Content starts

(* The set $\mathcal{A}_N^C$ is star-shaped with respect to the flat matrix $T_*=\frac1N\sum_{k=0}^{N-1}X^k$: for every $T\in\mathcal{A}_N^C$ and every $m\in(0,1]$, $mT+(1-m)T_*\in\mathcal{A}_N^C$.
   Context: $X$ is the $N\times N$ cyclic shift $X|j\rangle=|j\oplus1\rangle$ (addition mod $N$), $\mathcal{K}_k=X^k-\mathbb{I}_N$, and $\mathcal{A}_N^C$ is the set of matrices $\exp(\sum_{k=1}^{N-1}t_k\mathcal{K}_k)$ with all $t_k\ge0$. *)

From HB Require Import structures.
From mathcomp Require Import all_boot all_order all_algebra.
From mathcomp Require Import all_classical all_reals all_analysis.
Unset Printing Implicit Defensive.
Import Order.TTheory GRing.Theory Num.Theory.
Import numFieldNormedType.Exports.
Local Open Scope ring_scope.

Definition shiftX (R : pzRingType) (N : nat) : 'M[R]_N :=
  \matrix_(i < N, j < N) ((nat_of_ord i == (nat_of_ord j).+1 %% N)%N)%:R.

Definition expm (R : realType) (N : nat) (A : 'M[R]_N) : 'M[R]_N :=
  \matrix_(i < N, j < N)
    limn (fun n : nat => ((\sum_(k < n) ((k`!%:R)^-1 *: A ^+ k)) i j : R)).

Definition Kgen (R : realType) (N k : nat) : 'M[R]_N := (shiftX R N) ^+ k - 1%:M.

Definition circAC (R : realType) (N : nat) : set 'M[R]_N :=
  [set T | exists t : nat -> R,
      (forall k : nat, (1 <= k < N)%N -> 0 <= t k) /\
      T = expm R N (\sum_(1 <= k < N) t k *: Kgen R N k)].

Definition Tflat (R : realType) (N : nat) : 'M[R]_N :=
  (N%:R)^-1 *: \sum_(k < N) (shiftX R N) ^+ k.
(* In the setting of the context (battery capacity $c$, nonnegative i.i.d. energy arrivals distributed as $X$, increasing concave reward $r$ with continuous derivative $r'$, and $r'(\underline{x})>r'(\overline{x})$), let $$c^*\triangleq\max\{c\ge 0:\ r'(c)\ge \mathbb{E}[r'(X)\mathbf{1}\{X<c\}]\},$$ which is the largest battery capacity for which the greedy policy is throughput-optimal. Then $$c^*\ge \underline{c}\triangleq\sup\{c\in(\underline{x},\overline{x}):\ r'(c)\ge \rho(c)\,\overline{r'}_{[\underline{x},c]}(\underline{\xi})\},\qquad \underline{\xi}\triangleq\max\left\{\frac{\mu-(1-\rho(c))\overline{x}}{\rho(c)},\,\underline{x}\right\}.$$ In particular, for $r(x)=\frac12\log(1+x)$, $$\underline{c}=\sup\{c\in(\underline{x},\overline{x}):\ c\le \overline{\zeta}(c)\},\qquad \overline{\zeta}(c)\triangleq\frac{(1-\rho(c))(1+\underline{x})+\rho(c)\underline{\xi}}{\rho(c)}.$$
   Context: Setting: $X_1,X_2,\dots$ are i.i.d. copies of a nonnegative random variable $X$; a policy chooses $G_t=f_t(X_1,\dots,X_t)$; battery $B_t=\min\{B_{t-1}-G_{t-1}+X_t,c\}$ with $B_0=G_0=0$; admissibility means $G_t\le B_t$; throughput is $\liminf_n\frac1n\mathbb{E}[\sum_{t\le n}r(G_t)]$; the greedy policy is $G_t=B_t$. The reward $r:[0,\infty)\to[0,\infty)$ is monotonically increasing and concave with continuous derivative $r'$. Notation: $\rho(x)\triangleq\mathbb{P}(X<x)$, $\underline{x}\triangleq\max\{x\ge0:\rho(x)=0\}$, $\overline{x}\triangleq\inf\{x\ge0:\rho(x)=1\}$ (possibly $+\infty$; then $(1-\rho(c))\overline{x}=+\infty$ for $c<\overline{x}$ so $\underline{\xi}=\underline{x}$), $r'(\infty)\triangleq\lim_{x\to\infty}r'(x)$, $\mu\triangleq\mathbb{E}[X]$. For $c>\underline{x}$, $\overline{r'}_{[\underline{x},c]}$ denotes the upper concave envelope (smallest concave majorant) of $r'$ restricted to $[\underline{x},c]$. Logarithms are natural. *)

From HB Require Import structures.
From mathcomp Require Import all_boot all_order all_algebra.
From mathcomp Require Import all_classical all_reals all_analysis.
Set Implicit Arguments. Unset Strict Implicit. Unset Printing Implicit Defensive.
Import Order.TTheory GRing.Theory Num.Theory.
Import numFieldNormedType.Exports.
Local Open Scope classical_set_scope.
Local Open Scope ring_scope.

Section Defs.
Context {d : measure_display} {T : measurableType d} {R : realType}
  (P : probability T R) (X : {RV P >-> R}).

Definition rho (x : R) : R := fine (P [set t | X t < x]).

Definition xlo : R := sup [set x : R | 0 <= x /\ rho x = 0].

Definition xhi : \bar R := ereal_inf [set x%:E | x in [set x : R | 0 <= x /\ rho x = 1]].

Definition mu : \bar R := 'E_P[X].

(* underline xi (c) = max {(mu - (1 - rho c) xhi)/rho c, xlo};
   when xhi = +oo the first term is -oo, so xi = xlo *)
Definition xi (c : R) : R :=
  match xhi with
  | EFin xb => Num.max ((fine mu - (1 - rho c) * xb) / rho c) xlo
  | _ => xlo
  end.

(* the hypothesis r'(underline x) > r'(overline x), with r'(oo) = lim_{x->oo} r'(x) *)
Definition deriv_gap (rp : R -> R) : Prop :=
  match xhi with
  | EFin xb => rp xb < rp xlo
  | _ => lim (rp x @[x --> +oo]) < rp xlo
  end.

Definition cstar (rp : R -> R) : \bar R :=
  ereal_sup [set c%:E | c in [set c : R | 0 <= c /\
     (\int[P]_t (rp (X t) * (X t < c)%R%:R)%:E <= (rp c)%:E)%E]].

End Defs.

Arguments rho {d T R} P X x.
Arguments xlo {d T R} P X.
Arguments xhi {d T R} P X.
Arguments mu {d T R} P X.
Arguments xi {d T R} P X c.
Arguments deriv_gap {d T R} P X rp.
Arguments cstar {d T R} P X rp.

Definition concave_on {R : realType} (a b : R) (g : R -> R) : Prop :=
  forall x y t, a <= x <= b -> a <= y <= b -> 0 <= t <= 1 ->
    t * g x + (1 - t) * g y <= g (t * x + (1 - t) * y).

Definition concave_env {R : realType} (f : R -> R) (a b x : R) : R :=
  inf [set g x | g in [set g : R -> R | concave_on a b g /\
                                        forall y, a <= y <= b -> f y <= g y]].

Section Defs2.
Context {d : measure_display} {T : measurableType d} {R : realType}
  (P : probability T R) (X : {RV P >-> R}).

Definition clow (rp : R -> R) : \bar R :=
  ereal_sup [set c%:E | c in [set c : R | xlo P X < c /\ (c%:E < xhi P X)%E /\
     rho P X c * concave_env rp (xlo P X) c (xi P X c) <= rp c]].

Definition zetabar (c : R) : R :=
  ((1 - rho P X c) * (1 + xlo P X) + rho P X c * xi P X c) / rho P X c.

End Defs2.

Arguments clow {d T R} P X rp.
Arguments zetabar {d T R} P X c.

From HB Require Import structures.
From mathcomp Require Import all_boot all_order all_algebra.
From mathcomp Require Import all_classical all_reals all_analysis.
From mathcomp Require Import ring lra.
Import Order.TTheory GRing.Theory Num.Theory.
Import numFieldNormedType.Exports measurable_realfun.
Local Open Scope classical_set_scope.
Local Open Scope ring_scope.

(* Fix c in the set defining the lower bound, write xi for xi(c) and let g be a concave
   majorant of r' on [xlo, c].  As the derivative of a nondecreasing concave function, r' is
   nonnegative and nonincreasing, so min (g xlo) g is again a concave majorant, now
   nonincreasing; hence it has a supergradient b <= 0 at xi.  Since X >= xlo almost surely,
     E[r'(X); X < c] <= rho(c) g(xi) + b (E[X; X < c] - rho(c) xi) <= rho(c) g(xi),
   because E[X; X < c] >= xlo rho(c) and, as X <= xhi almost surely,
   E[X; X < c] >= mu - xhi (1 - rho(c)).  Taking the infimum over g gives
   E[r'(X); X < c] <= rho(c) env(xi) <= r'(c), so c lies in the set defining c*.
   For r'(x) = 1 / (2 (1 + x)), which is convex, the concave envelope on [xlo, c] is the
   chord, and rho(c) chord(xi) <= r'(c) rearranges to c <= zetabar(c). *)

Section Slopes.
Context {R : realType}.
Implicit Types (f : R -> R) (u v w : R).

Definition slope f u v : R := (f v - f u) / (v - u).

Lemma slopeC f u v : slope f u v = slope f v u.
Proof. by rewrite /slope -opprB -[v - u]opprB invrN mulrNN. Qed.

Content ends

- The task:
Reproduce exactly, and with no other material, the lines between those holding "Definition xhi : \bar" and "(a b : R) (g : R", inclusive.

- Response below:
Definition xhi : \bar R := ereal_inf [set x%:E | x in [set x : R | 0 <= x /\ rho x = 1]].

Definition mu : \bar R := 'E_P[X].

(* underline xi (c) = max {(mu - (1 - rho c) xhi)/rho c, xlo};
   when xhi = +oo the first term is -oo, so xi = xlo *)
Definition xi (c : R) : R :=
  match xhi with
  | EFin xb => Num.max ((fine mu - (1 - rho c) * xb) / rho c) xlo
  | _ => xlo
  end.

(* the hypothesis r'(underline x) > r'(overline x), with r'(oo) = lim_{x->oo} r'(x) *)
Definition deriv_gap (rp : R -> R) : Prop :=
  match xhi with
  | EFin xb => rp xb < rp xlo
  | _ => lim (rp x @[x --> +oo]) < rp xlo
  end.

Definition cstar (rp : R -> R) : \bar R :=
  ereal_sup [set c%:E | c in [set c : R | 0 <= c /\
     (\int[P]_t (rp (X t) * (X t < c)%R%:R)%:E <= (rp c)%:E)%E]].

End Defs.

Arguments rho {d T R} P X x.
Arguments xlo {d T R} P X.
Arguments xhi {d T R} P X.
Arguments mu {d T R} P X.
Arguments xi {d T R} P X c.
Arguments deriv_gap {d T R} P X rp.
Arguments cstar {d T R} P X rp.

Definition concave_on {R : realType} (a b : R) (g : R -> R) : Prop :=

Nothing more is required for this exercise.